## ACTIVITY:
Once you find the line containing "Lemma steiner_family_subdivide R" in the data below, copy it and each following line exactly, up to and including the line containing "Implicit Types (W", and nothing else.

## RECORDS SHOWN:

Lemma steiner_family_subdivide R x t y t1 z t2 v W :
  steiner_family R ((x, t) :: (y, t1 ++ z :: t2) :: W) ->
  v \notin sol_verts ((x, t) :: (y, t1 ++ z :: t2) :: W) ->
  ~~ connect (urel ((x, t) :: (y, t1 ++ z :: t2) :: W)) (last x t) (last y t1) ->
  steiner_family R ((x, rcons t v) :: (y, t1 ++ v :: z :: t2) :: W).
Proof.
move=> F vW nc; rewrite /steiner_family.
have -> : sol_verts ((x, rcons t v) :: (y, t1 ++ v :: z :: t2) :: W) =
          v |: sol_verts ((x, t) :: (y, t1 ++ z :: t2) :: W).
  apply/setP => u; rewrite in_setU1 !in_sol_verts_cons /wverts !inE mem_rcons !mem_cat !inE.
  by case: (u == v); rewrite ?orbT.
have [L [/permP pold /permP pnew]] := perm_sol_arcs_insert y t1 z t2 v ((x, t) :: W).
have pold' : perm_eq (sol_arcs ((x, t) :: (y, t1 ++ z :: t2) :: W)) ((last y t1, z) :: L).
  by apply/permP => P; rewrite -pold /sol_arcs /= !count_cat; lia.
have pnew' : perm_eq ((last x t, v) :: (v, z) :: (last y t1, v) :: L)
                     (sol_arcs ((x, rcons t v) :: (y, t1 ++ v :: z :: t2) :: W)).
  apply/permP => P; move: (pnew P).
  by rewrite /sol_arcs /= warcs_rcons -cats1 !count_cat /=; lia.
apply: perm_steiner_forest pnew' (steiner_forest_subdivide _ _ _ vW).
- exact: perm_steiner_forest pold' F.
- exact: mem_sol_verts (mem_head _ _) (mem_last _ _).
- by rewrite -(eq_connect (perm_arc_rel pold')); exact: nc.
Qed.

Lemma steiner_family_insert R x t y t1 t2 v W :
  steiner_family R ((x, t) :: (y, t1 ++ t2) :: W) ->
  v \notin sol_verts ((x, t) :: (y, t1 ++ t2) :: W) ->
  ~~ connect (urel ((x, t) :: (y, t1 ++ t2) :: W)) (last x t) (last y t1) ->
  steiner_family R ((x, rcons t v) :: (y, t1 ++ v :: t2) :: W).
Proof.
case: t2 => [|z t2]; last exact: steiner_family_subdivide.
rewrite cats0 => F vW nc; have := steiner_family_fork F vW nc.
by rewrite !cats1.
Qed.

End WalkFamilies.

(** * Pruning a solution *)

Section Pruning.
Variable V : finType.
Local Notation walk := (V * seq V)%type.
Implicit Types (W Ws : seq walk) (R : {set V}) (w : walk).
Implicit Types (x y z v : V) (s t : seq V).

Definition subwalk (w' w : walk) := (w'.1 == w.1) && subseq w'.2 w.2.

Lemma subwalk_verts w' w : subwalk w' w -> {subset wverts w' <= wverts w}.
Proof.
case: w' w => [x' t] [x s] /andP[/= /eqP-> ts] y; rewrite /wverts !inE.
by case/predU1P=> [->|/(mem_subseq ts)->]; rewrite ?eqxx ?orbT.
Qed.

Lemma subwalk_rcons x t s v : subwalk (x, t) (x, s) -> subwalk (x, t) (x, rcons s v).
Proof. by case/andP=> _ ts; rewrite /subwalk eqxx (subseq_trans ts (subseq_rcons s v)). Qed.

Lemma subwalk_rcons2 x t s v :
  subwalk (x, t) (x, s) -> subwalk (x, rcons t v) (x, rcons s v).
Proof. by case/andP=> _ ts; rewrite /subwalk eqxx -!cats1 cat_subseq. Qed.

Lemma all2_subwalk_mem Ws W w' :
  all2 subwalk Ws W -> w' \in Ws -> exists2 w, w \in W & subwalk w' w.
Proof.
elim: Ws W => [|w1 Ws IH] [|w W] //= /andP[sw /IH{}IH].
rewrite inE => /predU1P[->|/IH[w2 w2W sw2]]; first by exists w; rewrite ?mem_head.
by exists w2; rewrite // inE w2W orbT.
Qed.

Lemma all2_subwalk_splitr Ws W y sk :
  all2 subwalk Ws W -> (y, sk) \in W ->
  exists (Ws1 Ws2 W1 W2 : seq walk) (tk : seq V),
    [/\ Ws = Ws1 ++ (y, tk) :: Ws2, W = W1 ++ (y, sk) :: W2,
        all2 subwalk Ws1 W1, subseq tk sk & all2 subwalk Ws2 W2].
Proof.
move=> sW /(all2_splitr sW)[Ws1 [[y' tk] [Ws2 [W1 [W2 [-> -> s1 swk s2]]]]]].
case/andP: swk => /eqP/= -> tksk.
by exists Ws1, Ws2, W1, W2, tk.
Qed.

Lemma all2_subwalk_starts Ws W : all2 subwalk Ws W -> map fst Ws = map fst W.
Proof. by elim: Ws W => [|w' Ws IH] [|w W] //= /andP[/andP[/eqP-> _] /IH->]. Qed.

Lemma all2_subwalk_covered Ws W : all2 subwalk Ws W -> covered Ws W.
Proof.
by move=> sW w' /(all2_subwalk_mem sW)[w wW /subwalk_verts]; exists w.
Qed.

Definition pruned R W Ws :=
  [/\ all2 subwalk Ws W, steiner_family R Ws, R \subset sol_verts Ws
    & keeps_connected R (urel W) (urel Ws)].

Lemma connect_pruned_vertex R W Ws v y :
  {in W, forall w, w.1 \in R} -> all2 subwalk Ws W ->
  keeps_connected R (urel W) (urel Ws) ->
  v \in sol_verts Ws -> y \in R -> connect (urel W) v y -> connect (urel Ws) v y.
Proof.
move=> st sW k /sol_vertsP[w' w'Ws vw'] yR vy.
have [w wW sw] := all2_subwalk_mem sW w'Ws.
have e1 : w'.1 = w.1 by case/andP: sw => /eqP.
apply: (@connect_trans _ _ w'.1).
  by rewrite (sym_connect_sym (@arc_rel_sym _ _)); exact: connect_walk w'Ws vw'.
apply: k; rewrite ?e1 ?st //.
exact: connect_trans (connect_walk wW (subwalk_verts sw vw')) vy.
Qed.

...

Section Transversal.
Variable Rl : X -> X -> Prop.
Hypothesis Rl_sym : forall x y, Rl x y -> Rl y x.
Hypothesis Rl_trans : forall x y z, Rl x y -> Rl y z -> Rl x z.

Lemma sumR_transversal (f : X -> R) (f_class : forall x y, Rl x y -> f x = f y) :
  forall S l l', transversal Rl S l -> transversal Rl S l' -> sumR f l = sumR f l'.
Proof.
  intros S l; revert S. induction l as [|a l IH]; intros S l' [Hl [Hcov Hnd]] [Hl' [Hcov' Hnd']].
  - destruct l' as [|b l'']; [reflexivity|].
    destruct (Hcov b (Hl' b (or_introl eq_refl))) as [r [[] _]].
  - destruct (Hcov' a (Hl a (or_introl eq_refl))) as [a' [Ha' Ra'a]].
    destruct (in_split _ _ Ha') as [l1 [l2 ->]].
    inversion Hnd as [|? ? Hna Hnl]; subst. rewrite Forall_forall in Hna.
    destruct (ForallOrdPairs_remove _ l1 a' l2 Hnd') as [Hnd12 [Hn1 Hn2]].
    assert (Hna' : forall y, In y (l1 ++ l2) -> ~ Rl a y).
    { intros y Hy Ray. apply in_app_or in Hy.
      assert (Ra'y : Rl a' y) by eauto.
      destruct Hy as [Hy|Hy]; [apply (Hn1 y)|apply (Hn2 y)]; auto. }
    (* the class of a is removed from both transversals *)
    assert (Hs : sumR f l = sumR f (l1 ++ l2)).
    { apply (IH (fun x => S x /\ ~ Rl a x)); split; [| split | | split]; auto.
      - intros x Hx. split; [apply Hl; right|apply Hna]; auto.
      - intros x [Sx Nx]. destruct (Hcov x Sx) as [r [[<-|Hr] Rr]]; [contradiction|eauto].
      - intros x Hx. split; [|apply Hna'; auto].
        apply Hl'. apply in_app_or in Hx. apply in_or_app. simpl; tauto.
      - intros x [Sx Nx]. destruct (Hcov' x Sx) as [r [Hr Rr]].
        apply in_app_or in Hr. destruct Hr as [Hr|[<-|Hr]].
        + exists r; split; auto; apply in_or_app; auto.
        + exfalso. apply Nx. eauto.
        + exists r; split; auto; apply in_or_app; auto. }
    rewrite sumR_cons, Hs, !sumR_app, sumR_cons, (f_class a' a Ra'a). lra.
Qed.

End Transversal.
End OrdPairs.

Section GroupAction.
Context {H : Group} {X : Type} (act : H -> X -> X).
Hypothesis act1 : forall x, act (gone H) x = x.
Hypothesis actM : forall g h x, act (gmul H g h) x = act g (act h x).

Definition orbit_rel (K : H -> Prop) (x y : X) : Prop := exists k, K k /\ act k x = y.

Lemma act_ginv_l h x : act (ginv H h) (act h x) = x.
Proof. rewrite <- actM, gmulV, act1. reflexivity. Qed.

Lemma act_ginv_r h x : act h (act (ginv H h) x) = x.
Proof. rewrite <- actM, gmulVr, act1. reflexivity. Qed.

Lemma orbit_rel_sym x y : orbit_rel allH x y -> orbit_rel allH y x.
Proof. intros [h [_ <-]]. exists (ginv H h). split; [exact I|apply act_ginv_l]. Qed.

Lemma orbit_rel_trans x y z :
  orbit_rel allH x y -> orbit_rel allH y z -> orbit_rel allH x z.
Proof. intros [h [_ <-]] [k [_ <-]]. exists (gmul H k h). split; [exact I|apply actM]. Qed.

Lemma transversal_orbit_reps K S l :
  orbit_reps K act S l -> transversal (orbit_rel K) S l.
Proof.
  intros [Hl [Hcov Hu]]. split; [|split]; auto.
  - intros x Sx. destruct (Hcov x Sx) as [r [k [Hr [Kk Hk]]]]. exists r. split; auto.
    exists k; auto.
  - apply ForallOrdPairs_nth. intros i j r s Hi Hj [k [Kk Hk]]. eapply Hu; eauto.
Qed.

## TASK ANSWER:
Lemma steiner_family_subdivide R x t y t1 z t2 v W :
  steiner_family R ((x, t) :: (y, t1 ++ z :: t2) :: W) ->
  v \notin sol_verts ((x, t) :: (y, t1 ++ z :: t2) :: W) ->
  ~~ connect (urel ((x, t) :: (y, t1 ++ z :: t2) :: W)) (last x t) (last y t1) ->
  steiner_family R ((x, rcons t v) :: (y, t1 ++ v :: z :: t2) :: W).
Proof.
move=> F vW nc; rewrite /steiner_family.
have -> : sol_verts ((x, rcons t v) :: (y, t1 ++ v :: z :: t2) :: W) =
          v |: sol_verts ((x, t) :: (y, t1 ++ z :: t2) :: W).
  apply/setP => u; rewrite in_setU1 !in_sol_verts_cons /wverts !inE mem_rcons !mem_cat !inE.
  by case: (u == v); rewrite ?orbT.
have [L [/permP pold /permP pnew]] := perm_sol_arcs_insert y t1 z t2 v ((x, t) :: W).
have pold' : perm_eq (sol_arcs ((x, t) :: (y, t1 ++ z :: t2) :: W)) ((last y t1, z) :: L).
  by apply/permP => P; rewrite -pold /sol_arcs /= !count_cat; lia.
have pnew' : perm_eq ((last x t, v) :: (v, z) :: (last y t1, v) :: L)
                     (sol_arcs ((x, rcons t v) :: (y, t1 ++ v :: z :: t2) :: W)).
  apply/permP => P; move: (pnew P).
  by rewrite /sol_arcs /= warcs_rcons -cats1 !count_cat /=; lia.
apply: perm_steiner_forest pnew' (steiner_forest_subdivide _ _ _ vW).
- exact: perm_steiner_forest pold' F.
- exact: mem_sol_verts (mem_head _ _) (mem_last _ _).
- by rewrite -(eq_connect (perm_arc_rel pold')); exact: nc.
Qed.

Lemma steiner_family_insert R x t y t1 t2 v W :
  steiner_family R ((x, t) :: (y, t1 ++ t2) :: W) ->
  v \notin sol_verts ((x, t) :: (y, t1 ++ t2) :: W) ->
  ~~ connect (urel ((x, t) :: (y, t1 ++ t2) :: W)) (last x t) (last y t1) ->
  steiner_family R ((x, rcons t v) :: (y, t1 ++ v :: t2) :: W).
Proof.
case: t2 => [|z t2]; last exact: steiner_family_subdivide.
rewrite cats0 => F vW nc; have := steiner_family_fork F vW nc.
by rewrite !cats1.
Qed.

End WalkFamilies.

(** * Pruning a solution *)

Section Pruning.
Variable V : finType.
Local Notation walk := (V * seq V)%type.
Implicit Types (W Ws : seq walk) (R : {set V}) (w : walk).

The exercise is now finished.